Objective: Follow the exact settings from the TransGEM paper to verify that the model trains properly and establish benchmark performance.

Settings (identical to paper):

Gene Embedding: 10-fold binary
Optimizer: Adam
Epochs: 200
Batch size: 4
Gene dimension: 978 × 10

The subLINCS dataset contains phenotype data for 978 level-3 genes, which are converted to 10-fold binary, resulting in a dimension of 978 × 10.

Results: The loss successfully decreased from 1.74 to 0.5.

Pre-processing the data

The most effort in this experiment went into data preprocessing. When feeding regular floating-point values, the model struggles to learn subtle differences. The paper proposes Tenfold-Binary Embedding to address this issue.

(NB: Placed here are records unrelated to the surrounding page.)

Section SupNorm.
Variables (R : realType) (X : topologicalType).
Hypothesis hcomp : compact [set: X].
Implicit Types f : X -> R.

Lemma compact_continuous_bounded f : continuous f -> exists M, forall x, `|f x| <= M.
Proof.
move=> cf; have : compact (f @` [set: X]).
  by apply: continuous_compact => //; exact: continuous_subspaceT.
move=> /compact_bounded [M [_ hM]]; exists (M + 1) => x.
by apply: (hM (M + 1)); [rewrite ltrDl | exists x].
Qed.

Lemma supnorm_ge f x : continuous f -> `|f x| <= supnorm f.
Proof.
move=> cf; have [M hM] := compact_continuous_bounded cf.
by apply: ub_le_sup; [exists M => _ [y _ <-] | exists x].
Qed.

Lemma supnorm_ge0 f : inhabited X -> continuous f -> 0 <= supnorm f.
Proof. by move=> [x] cf; exact: le_trans (normr_ge0 (f x)) (supnorm_ge x cf). Qed.

Lemma supnorm_le f c : inhabited X -> (forall x, `|f x| <= c) -> supnorm f <= c.
Proof. by move=> [x] fc; apply: ge_sup; [exists `|f x|, x | move=> _ [y _ <-]]. Qed.

Lemma supnorm_iter_submul (P : (X -> R) -> X -> R) n k : pos_lin_op P -> inhabited X ->
  supnorm (iter (n + k) P (@cst1 R X)) <=
  supnorm (iter n P (@cst1 R X)) * supnorm (iter k P (@cst1 R X)).
Proof.
move=> hP hX; have hPn := pos_lin_op_iter hP n.
set u := iter k P (@cst1 R X); set s := supnorm u.
have hPk := pos_lin_op_iter hP k; have c1 : contfun (@cst1 R X) by exact: cst_continuous.
have cu : contfun u by exact: pos_lin_op_cont.
have u0 x : 0 <= u x by apply: (pos_lin_op_ge0 hPk c1) => y; exact: ler01.
have cs : contfun (fun x => s * @cst1 R X x) by apply: continuousM_fun; exact: cst_continuous.
have us x : u x <= s * @cst1 R X x by rewrite /cst1 mulr1 -[u x]ger0_norm ?supnorm_ge.
apply: supnorm_le => // x; rewrite iterD -/u ger0_norm; last exact: pos_lin_op_ge0.
apply: le_trans (pos_lin_op_le hPn cu cs us x) _.
rewrite pos_lin_opZ // mulrC ler_wpM2r ?supnorm_ge0 //.
have cn1 : contfun (iter n P (@cst1 R X)) by exact: pos_lin_op_cont.
by apply: le_trans (ler_norm _) (supnorm_ge _ cn1).
Qed.

End SupNorm.

Section BirkhoffSum.
Variables (R : realType) (X : topologicalType) (alpha : X -> X) (phi : X -> R).
Hypotheses (halpha : continuous alpha) (hphi : continuous phi).

Definition birkhoff_sum n x := \sum_(k < n) phi (iter k alpha x).

Lemma continuous_birkhoff_sum n : continuous (birkhoff_sum n).
Proof.
have citer j : continuous (iter j alpha).
  elim: j => [|j IHj] x /=; first exact: cvg_id.
  by apply: continuous_comp; [exact: IHj | exact: halpha].
apply: continuous_sum_fun => k x.
by apply: continuous_comp; [exact: citer | exact: hphi].
Qed.

Lemma birkhoff_sumS n x : birkhoff_sum n.+1 x = phi x + birkhoff_sum n (alpha x).
Proof.
rewrite /birkhoff_sum big_ord_recl; congr (_ + _).
by apply: eq_bigr => i _; rewrite /= -iterSr.
Qed.

Lemma inv_state_birkhoff_sum mu n :
  inv_state alpha mu -> mu (birkhoff_sum n) = n%:R * mu phi.
Proof.
move=> [hmu hinv]; elim: n => [|n IHn].
  have -> : birkhoff_sum 0 = fun _ => 0 by apply: funext => x; rewrite /birkhoff_sum big_ord0.
  by rewrite state_cst // mul0r.
have -> : birkhoff_sum n.+1 = (fun x => phi x + (birkhoff_sum n \o alpha) x).
  by apply: funext => x; rewrite birkhoff_sumS.
rewrite stateD //; last first.
  by move=> x; apply: continuous_comp; [exact: halpha | exact: continuous_birkhoff_sum].
by rewrite hinv ?IHn ?mulrSr ?mulrDl ?mul1r 1?addrC //; exact: continuous_birkhoff_sum.
Qed.

Lemma pos_lin_op_Aphi A : pos_lin_op A -> pos_lin_op (Aphi A phi).
Proof.
move=> hA; have ce := continuous_expR_fun hphi.
split => [f cf | f g cf cg | c f cf | f cf f0]; rewrite /Aphi.
- exact/(pos_lin_op_cont hA)/continuousM_fun.
- under eq_fun do rewrite mulrDr.
  by rewrite pos_lin_opD //; exact: continuousM_fun.
- under eq_fun do rewrite mulrCA.
  by rewrite pos_lin_opZ //; exact: continuousM_fun.
- apply: (pos_lin_op_ge0 hA); first exact: continuousM_fun.
  by move=> x; rewrite mulr_ge0 ?expR_ge0.
Qed.

(* By the transfer identity [expR (birkhoff_sum n) * A h] is
   [A (expR (birkhoff_sum n \o alpha) * h)], and [phi + birkhoff_sum n \o alpha]
   is [birkhoff_sum n.+1]. *)
Lemma iter_Aphi A n f : transfer_op alpha A -> contfun f ->
  iter n (Aphi A phi) f = iter n A (fun x => expR (birkhoff_sum n x) * f x).
Proof.
move=> [hA htr]; elim: n f => [|n IHn] f cf.
  by apply: funext => x; rewrite /birkhoff_sum /= big_ord0 expR0 mul1r.
have cphif : contfun (fun x => expR (phi x) * f x).
  by apply: continuousM_fun => //; exact: continuous_expR_fun.
have cS := continuous_expR_fun (@continuous_birkhoff_sum n).
rewrite iterSr IHn; last exact: (pos_lin_op_cont hA cphif).
rewrite /Aphi -htr //= -iterSr; congr (iter _ _ _); apply: funext => x.
by rewrite birkhoff_sumS expRD mulrA [expR (phi x) * _]mulrC.
Qed.

End BirkhoffSum.

Lemma jensen_ln (R : realType) k (w a : 'I_k -> R) :
  (forall i, 0 <= w i) -> \sum_(i < k) w i = 1 -> (forall i, 0 <= a i) ->
  (forall i, w i != 0 -> 0 < a i) -> 0 < \sum_(i < k) a i ->
  \sum_(i < k) w i * ln (a i / w i) <= ln (\sum_(i < k) a i).
Proof.
move=> w0 w1 a0 wa; set S := \sum_(i < k) a i => S0.
(* termwise tangent-line bound [ln y <= y - 1] at [y = a_i / (w_i S)] *)
have tangent i : w i * ln (a i / w i) <= a i / S - w i + w i * ln S.
  have [->|wi0] := eqVneq (w i) 0; first by rewrite !mul0r subr0 addr0 divr_ge0 // ltW.
  have wi : 0 < w i by rewrite lt0r wi0 w0.
  have y0 : 0 < a i / (w i * S) by rewrite divr_gt0 ?mulr_gt0 ?wa.
  have -> : a i / w i = a i / (w i * S) * S.
    by rewrite invfM mulrA -mulrA mulVf ?mulr1 // gt_eqF.
  rewrite lnM ?posrE // mulrDr lerD2r.
  have hln : ln (a i / (w i * S)) <= a i / (w i * S) - 1.
    have := @le_ln1Dx R (a i / (w i * S) - 1); rewrite [1 + _]addrC subrK; apply; lra.
  apply: le_trans (ler_wpM2l (ltW wi) hln) _.
  by rewrite mulrBr mulr1 lerD2r le_eqVlt; apply/orP; left; apply/eqP; field; rewrite wi0 gt_eqF.
apply: le_trans (ler_sum _ (fun i _ => tangent i)) _.
rewrite big_split /= big_split /= sumrN -mulr_suml -mulr_suml w1 mul1r.
by rewrite mulfV ?subrr ?add0r // gt_eqF.
Qed.

Lemma tau_term_le (R : realType) (X : topologicalType) (A : (X -> R) -> X -> R)
    (n : nat) (mu m : (X -> R) -> R) (g : X -> R) (a c : R) :
  0 <= mu g -> 0 <= m (iter n A g) -> (mu g != 0 -> 0 < a) ->
  expR c * m (iter n A g) <= a ->
  (tau_term A n mu m g <= (mu g * ln (a / mu g) - c * mu g)%:E)%E.
Proof.
rewrite /tau_term; set w := mu g; set b := m _ => w0 b0 wa ba.
have [->|wn0] := eqVneq w 0; first by rewrite mul0r mulr0 subrr.
have wp : 0 < w by rewrite lt0r wn0 w0.
have [->|bn0] := eqVneq b 0.
  by rewrite mul0r le0_lneNy // gt0_muleNy ?leNye // lte_fin.
have bp : 0 < b by rewrite lt0r bn0 b0.
rewrite lne_EFin ?divr_gt0 // -EFinM lee_fin.
have ap : 0 < a := wa wn0.
have lnb : ln (b / w) <= ln (a / w) - c.
  rewrite lerBrDr -[c]expRK -lnM ?posrE ?expR_gt0 ?divr_gt0 //.
  have -> : b / w * expR c = expR c * b / w by rewrite mulrAC [b * _]mulrC.
  by rewrite ler_ln ?posrE ?mulr_gt0 ?expR_gt0 ?divr_gt0 ?invr_gt0 // ler_pM2r ?invr_gt0.
by apply: le_trans (ler_wpM2l w0 lnb) _; rewrite mulrBr [w * c]mulrC.
Qed.

Definition indexed_partition (R : realType) (X : topologicalType) k
    (g : 'I_k -> X -> R) : Prop :=
  [/\ (forall i, contfun (g i)), (forall i x, 0 <= g i x) &
      (forall x, \sum_(i < k) g i x = 1)].

Section TauSum.
Variables (R : realType) (X : topologicalType) (alpha : X -> X) (phi : X -> R).
Variables (A : (X -> R) -> X -> R) (mu m : (X -> R) -> R) (n : nat).
Hypotheses (halpha : continuous alpha) (hphi : continuous phi).
Hypotheses (hA : transfer_op alpha A) (hmu : state mu) (hm : state m).

Lemma state_iter_Aphi_ge g c : contfun g -> (forall x, 0 <= g x) ->
  (forall x, c * g x <= birkhoff_sum alpha phi n x * g x) ->
  expR c * m (iter n A g) <= m (iter n (Aphi A phi) g).
Proof.
move=> cg g0 hc; have hAn := pos_lin_op_iter hA.1 n.
have ceg : contfun (fun x => expR c * g x) by exact/continuousM_fun/cg/cst_continuous.
have ceS : contfun (fun x => expR (birkhoff_sum alpha phi n x) * g x).
  exact/continuousM_fun/cg/continuous_expR_fun/continuous_birkhoff_sum.
rewrite (iter_Aphi halpha hphi n hA cg) -(stateZ hm); last exact: pos_lin_op_cont.
rewrite -(pos_lin_opZ hAn) //.
apply: (state_le hm); [exact: pos_lin_op_cont.. |].
apply: (pos_lin_op_le hAn) => // x.
have [->|gx0] := eqVneq (g x) 0; first by rewrite !mulr0.
have gx : 0 < g x by rewrite lt0r gx0 g0.
by rewrite ler_pM2r // ler_expR -(ler_pM2r gx).
Qed.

Upon examining the data, I found that the gene_e column contained expression values for 978 genes in an unusual string format (using // as a delimiter).

I parsed this and converted it into 10-bit binary vectors following the paper’s formula, expanding the input dimension to [978 genes × 10 dimensions]. This implements the paper’s core strategy to reduce information sparsity and improve learning efficiency.

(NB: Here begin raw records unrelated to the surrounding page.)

(* If $I$ is a finite set of positive integers and $i\in I$, then $d(I;i)=0$, where $d(I;z)$ is the descent polynomial evaluated at $z=i$.
   Context: For a finite set $I$ of positive integers with $m=\max(I\cup\{0\})$ and $n>m$, $d(I;n)$ is the number of permutations $\pi\in\mathfrak S_n$ with $\{j\mid\pi_j>\pi_{j+1}\}=I$; this is a polynomial in $n$, and $d(I;z)$ denotes the polynomial evaluated at an arbitrary complex number $z$. *)

From HB Require Import structures.
From mathcomp Require Import all_boot all_order all_algebra all_fingroup.
Set Implicit Arguments. Unset Strict Implicit. Unset Printing Implicit Defensive.
Import GRing.Theory Num.Theory.

(* One-line (0-indexed) value of a permutation of 'I_n at nat position k
   (0 if k >= n, never used there). *)
Definition pval n (s : 'S_n) (k : nat) : nat :=
  if insub k is Some o then val (s o) else 0.

(* j (1-indexed, 1 <= j <= n-1) is a descent of s, i.e. pi_j > pi_{j+1}
   where pi_j = s (j-1) in 0-indexed terms. *)
Definition is_desc n (s : 'S_n) (j : nat) : bool :=
  [&& 0 < j, j < n & pval s j < pval s j.-1].

Definition desc_set_eq n (s : 'S_n) (I : seq nat) : bool :=
  all (fun x => x < n) I && [forall j : 'I_n, is_desc s j == (val j \in I)].

Definition dcount (I : seq nat) (n : nat) : nat :=
  #|[set s : 'S_n | desc_set_eq s I]|.

Definition maxI (I : seq nat) : nat := \max_(x <- I) x.
Lemma n7_bracket0l (y : V) : n7_bracket 0 y = 0.
Proof.
apply/rowP => k; rewrite !mxE.
by repeat case: ifP => _; rewrite ?mul0r ?subrr ?addr0.
Qed.

Lemma n7_bracket0r (x : V) : n7_bracket x 0 = 0.
Proof.
apply/rowP => k; rewrite !mxE.
by repeat case: ifP => _; rewrite ?mulr0 ?subrr ?addr0.
Qed.

Lemma n7_bracket_nil3 (x y : V) :
  n7_bracket x (n7_bracket x (n7_bracket x y)) = 0.
Proof.
apply/rowP => k; rewrite mxE !n7_bracketE //= mxE.
by case: ifP => _; [ring|case: ifP => _; [ring|case: ifP => _; [ring|done]]].
Qed.

Lemma iter_n7_bracket_nil (x y : V) k : iter k.+3 (n7_bracket x) y = 0.
Proof.
elim: k => [|k IHk]; first exact: n7_bracket_nil3.
by rewrite iterS IHk n7_bracket0r.
Qed.

Lemma Ad_expE (x y : V) :
  Ad_exp x y = y + n7_bracket x y + 2^-1 *: n7_bracket x (n7_bracket x y).
Proof.
rewrite /Ad_exp -(big_mkord xpredT (fun k => (k`!%:R)^-1 *: iter k (n7_bracket x) y)).
rewrite !big_nat_recl // big_geq // !iter_n7_bracket_nil !scaler0 !addr0 /=.
by rewrite !factS fact0 invr1 !scale1r addrA.
Qed.

Lemma Ad_exp0 (y : V) : Ad_exp 0 y = y.
Proof. by rewrite Ad_expE !n7_bracket0l scaler0 !addr0. Qed.

Lemma pairing_delta (f : V) j : pairing f (delta_mx 0 j) = f 0 j.
Proof.
rewrite /pairing (bigD1 j) // big1 => [|i nij]; first by rewrite mxE !eqxx mulr1 /= addr0.
by rewrite mxE eqxx (negbTE nij) mulr0.
Qed.

Lemma pairingD (f y z : V) : pairing f (y + z) = pairing f y + pairing f z.
Proof. by rewrite /pairing -big_split; apply: eq_bigr => i _; rewrite mxE mulrDr. Qed.

Lemma pairingZ (f y : V) c : pairing f (c *: y) = c * pairing f y.
Proof.
by rewrite /pairing mulr_sumr; apply: eq_bigr => i _; rewrite mxE mulrCA.
Qed.

Lemma pairing_n7_bracket (f x y : V) : pairing f (n7_bracket x y) =
  f`[4] * (x`[0] * y`[2] - x`[2] * y`[0] + (x`[1] * y`[3] - x`[3] * y`[1]))
  + f`[5] * (x`[0] * y`[3] - x`[3] * y`[0] - (x`[1] * y`[2] - x`[2] * y`[1]))
  + f`[6] * (x`[0] * y`[4] - x`[4] * y`[0] + (x`[1] * y`[5] - x`[5] * y`[1])).
Proof. by rewrite /pairing sum_ord7 !n7_bracketE //=; ring. Qed.

Lemma coadjoint0 (f : V) : coadjoint 0 f = f.
Proof. by apply/rowP => j; rewrite mxE oppr0 Ad_exp0 pairing_delta. Qed.

Definition coadjoint_coord (a f : V) (k : nat) : R :=
  match k with
  | 0%N => f`[0] + a`[2] * f`[4] + a`[3] * f`[5] + a`[4] * f`[6]
           - (a`[0] * a`[2] + a`[1] * a`[3]) * f`[6] / 2
  | 1%N => f`[1] + a`[3] * f`[4] - a`[2] * f`[5] + a`[5] * f`[6]
           + (a`[1] * a`[2] - a`[0] * a`[3]) * f`[6] / 2
  | 2%N => f`[2] - a`[0] * f`[4] + a`[1] * f`[5] + (a`[0] ^+ 2 - a`[1] ^+ 2) * f`[6] / 2
  | 3%N => f`[3] - a`[1] * f`[4] - a`[0] * f`[5] + a`[0] * a`[1] * f`[6]
  | 4%N => f`[4] - a`[0] * f`[6]
  | 5%N => f`[5] - a`[1] * f`[6]
  | _ => f`[6]
  end.

Lemma delta_i7E k m : (k < 7)%N -> (m < 7)%N ->
  (delta_mx 0 (i7 m) : V)`[k] = (k == m)%:R.
Proof. by move=> ? ?; rewrite mxE eq_i7. Qed.

Lemma coadjointE (a f : V) k :
  (k < 7)%N -> (coadjoint a f)`[k] = coadjoint_coord a f k.
Proof.
move=> lt_k7; rewrite mxE Ad_expE !pairingD pairingZ !pairing_n7_bracket pairing_delta.
rewrite !n7_bracketE // !delta_i7E // !mxE.
by case: k lt_k7 => [|[|[|[|[|[|[|k]]]]]]] //= _; field.
Qed.

Lemma row7P (u v : V) : (forall k, (k < 7)%N -> u`[k] = v`[k]) -> u = v.
Proof. by move=> uv; apply/rowP => j; rewrite -[j]i7_val uv. Qed.

Definition orbit_param (f : V) : R * R * R :=
  (f`[2] - (f`[4] ^+ 2 - f`[5] ^+ 2) / (2 * f`[6]), f`[3] - f`[4] * f`[5] / f`[6], f`[6]).

Lemma orbit_param_coadjoint (a f : V) :
  f`[6] != 0 -> orbit_param (coadjoint a f) = orbit_param f.
Proof. by move=> f7; rewrite /orbit_param !coadjointE //=; congr (_, _, _); field. Qed.

Definition transporter (f g : V) : V := \row_(j < 7)
  match val j with
  | 0%N => (f`[4] - g`[4]) / f`[6]
  | 1%N => (f`[5] - g`[5]) / f`[6]
  | 4%N => (g`[0] - f`[0]) / f`[6]
  | 5%N => (g`[1] - f`[1]) / f`[6]
  | _ => 0
  end.

Lemma coadjoint_transporter (f g : V) : f`[6] != 0 ->
  orbit_param g = orbit_param f -> coadjoint (transporter f g) f = g.
Proof.
move=> f7 [e2 e3 e6]; rewrite e6 in e2 e3.
have g2 : g`[2] = f`[2] - (f`[4] ^+ 2 - f`[5] ^+ 2) / (2 * f`[6])
                  + (g`[4] ^+ 2 - g`[5] ^+ 2) / (2 * f`[6]) by rewrite -e2 subrK.
have g3 : g`[3] = f`[3] - f`[4] * f`[5] / f`[6] + g`[4] * g`[5] / f`[6].
  by rewrite -e3 subrK.
apply: row7P => k lt_k7; rewrite coadjointE //.
case: k lt_k7 => [|[|[|[|[|[|[|k]]]]]]] //= _; rewrite !mxE !val_i7 //=.
all: rewrite ?g2 ?g3 ?e6; by field.
Qed.

Lemma coad_orbitE (f : V) :
  f`[6] != 0 -> coad_orbit f = [set g | orbit_param g = orbit_param f].
Proof.
move=> f7; apply/seteqP; split => g /=; first by move=> [a ->]; rewrite orbit_param_coadjoint.
by move=> eq_fg; exists (transporter f g); rewrite coadjoint_transporter.
Qed.

Lemma mem_coad_orbit (f : V) : coad_orbit f f.
Proof. by exists 0; rewrite coadjoint0. Qed.

Lemma std_functionalE (p : R * R * R) k : (k < 7)%N -> (std_functional p)`[k] =
  if k == 2%N then p.1.1 else if k == 3%N then p.1.2 else if k == 6%N then p.2 else 0.
Proof. by move=> ?; rewrite mxE val_i7. Qed.

Lemma orbit_param_std (p : R * R * R) : orbit_param (std_functional p) = p.
Proof.
case: p => [[p3 p4] p7]; rewrite /orbit_param !std_functionalE //=.
by rewrite expr0n /= !(mul0r, subrr, subr0).
Qed.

Through this preprocessing, the model receives rich information in 9,780 dimensions, enabling it to learn even subtle drug responses.

Preprocessing Steps:

[Step 1]: Raw phenotype data values from subLINCS.csv
[Step 2]: Parsing based on // delimiter
[Step 3]: Converting parsed float values to tenfold binary

Experiment 2: Drug-likeness Assessment

Limitations: The original paper relied solely on statistical metrics like QED and SA scores.

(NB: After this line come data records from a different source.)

Lemma gauss_mass_cv : Un_cv (fun n => gauss_mass (INR n)) 1.
Proof.
  intros eps He.
  destruct (cv_scal0 _ (4 / PI) cv_gauss_tail eps He) as [N HN]. exists N. intros n Hn.
  specialize (HN n Hn). unfold Rdist in *. rewrite Rminus_0_r in HN.
  destruct (gauss_mass_bounds (INR n) (pos_INR n)) as [[A B] C].
  assert (HP := PI_RGT_0). assert (HE := exp_pos (- (INR n * INR n / 2))).
  rewrite Rabs_left1 by lra.
  rewrite Rabs_pos_eq in HN by (apply Rmult_le_pos; [apply Rlt_le, Rdiv_lt_0_compat |]; lra).
  replace (4 / PI * exp (- (INR n * INR n / 2))) with (4 * exp (- (INR n * INR n / 2)) / PI)
    in HN by (field; lra).
  lra.
Qed.

Lemma gauss_mean_le f g : bounded_lipschitz f -> bounded_lipschitz g ->
  (forall x, f x <= g x) -> gauss_mean f <= gauss_mean g.
Proof.
  intros Gf Gg H. eapply Rle_cv_lim; [| apply gauss_mean_spec, Gf | apply gauss_mean_spec, Gg].
  intros n. assert (HN := pos_INR n).
  apply RInt_le; auto using ex_RInt_gauss_mul; [lra |].
  intros x _. apply Rmult_le_compat_l; auto. apply Rlt_le, gauss_density_pos.
Qed.

Lemma gauss_mean_plus f g : bounded_lipschitz f -> bounded_lipschitz g ->
  gauss_mean (fun x => f x + g x) = gauss_mean f + gauss_mean g.
Proof.
  intros Gf Gg. eapply UL_sequence; [apply gauss_mean_spec, bounded_lipschitz_plus; auto |].
  eapply Un_cv_ext; [| apply CV_plus; apply gauss_mean_spec; eauto].
  intros n. unfold gauss_mean_trunc.
  rewrite <- RInt_plus_R by (apply ex_RInt_gauss_mul; assumption).
  apply RInt_ext. intros; as_R_eq; ring.
Qed.

Lemma gauss_mean_scal f c : bounded_lipschitz f ->
  gauss_mean (fun x => c * f x) = c * gauss_mean f.
Proof.
  intros Gf. eapply UL_sequence; [apply gauss_mean_spec, bounded_lipschitz_scal, Gf |].
  eapply Un_cv_ext; [| apply (CV_mult (fun _ => c)); [apply cv_const | apply gauss_mean_spec, Gf]].
  intros n. unfold gauss_mean_trunc. rewrite <- RInt_scal_R by apply ex_RInt_gauss_mul, Gf.
  apply RInt_ext. intros; as_R_eq; ring.
Qed.

Lemma gauss_mean_const c : gauss_mean (fun _ => c) = c.
Proof.
  eapply UL_sequence; [apply gauss_mean_spec, bounded_lipschitz_const |].
  assert (H := CV_mult (fun _ => c) _ c 1 (cv_const c) gauss_mass_cv). rewrite Rmult_1_r in H.
  eapply Un_cv_ext; [| apply H]. intros n. unfold gauss_mean_trunc, gauss_mass.
  rewrite <- RInt_scal_R by apply ex_RInt_gauss_density.
  apply RInt_ext; intros; as_R_eq; ring.
Qed.

Lemma gauss_mean_ext f g : (forall x, f x = g x) -> gauss_mean f = gauss_mean g.
Proof. intro H. replace f with g; auto. apply functional_extensionality; auto. Qed.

QED (0~1): Measures whether the molecule is drug-like. However, a high QED score is just a statistical measure—even with high QED, the molecule may not be absorbed in the stomach.
SA (1~10): Measures synthetic accessibility in the laboratory. However, ease of synthesis doesn’t guarantee a good drug.

Additional Metrics:

Lipinski’s Rule of 5 (1997) - Oral Bioavailability

Four physical conditions that oral drugs must meet (called “Rule of 5” because the numbers relate to 5):

Molecular Weight: ≤ 500 Da
- Must be small enough to pass through intestinal cell membrane pores. Above 500 Da causes blockage.
Lipophilicity (LogP): ≤ 5
- If LogP is too high (e.g., 8): Only dissolves in fat, cannot enter blood → accumulates in body
- Should be moderate (2~3) to pass through lipid membranes (intestinal barrier, cell walls) and dissolve in blood
H-bond Donors: ≤ 5
H-bond Acceptors: ≤ 10

Lipinski Metric Design:

To be more stringent, I used AND operators. If a molecule passed 3 criteria but failed 1, it was counted as failed.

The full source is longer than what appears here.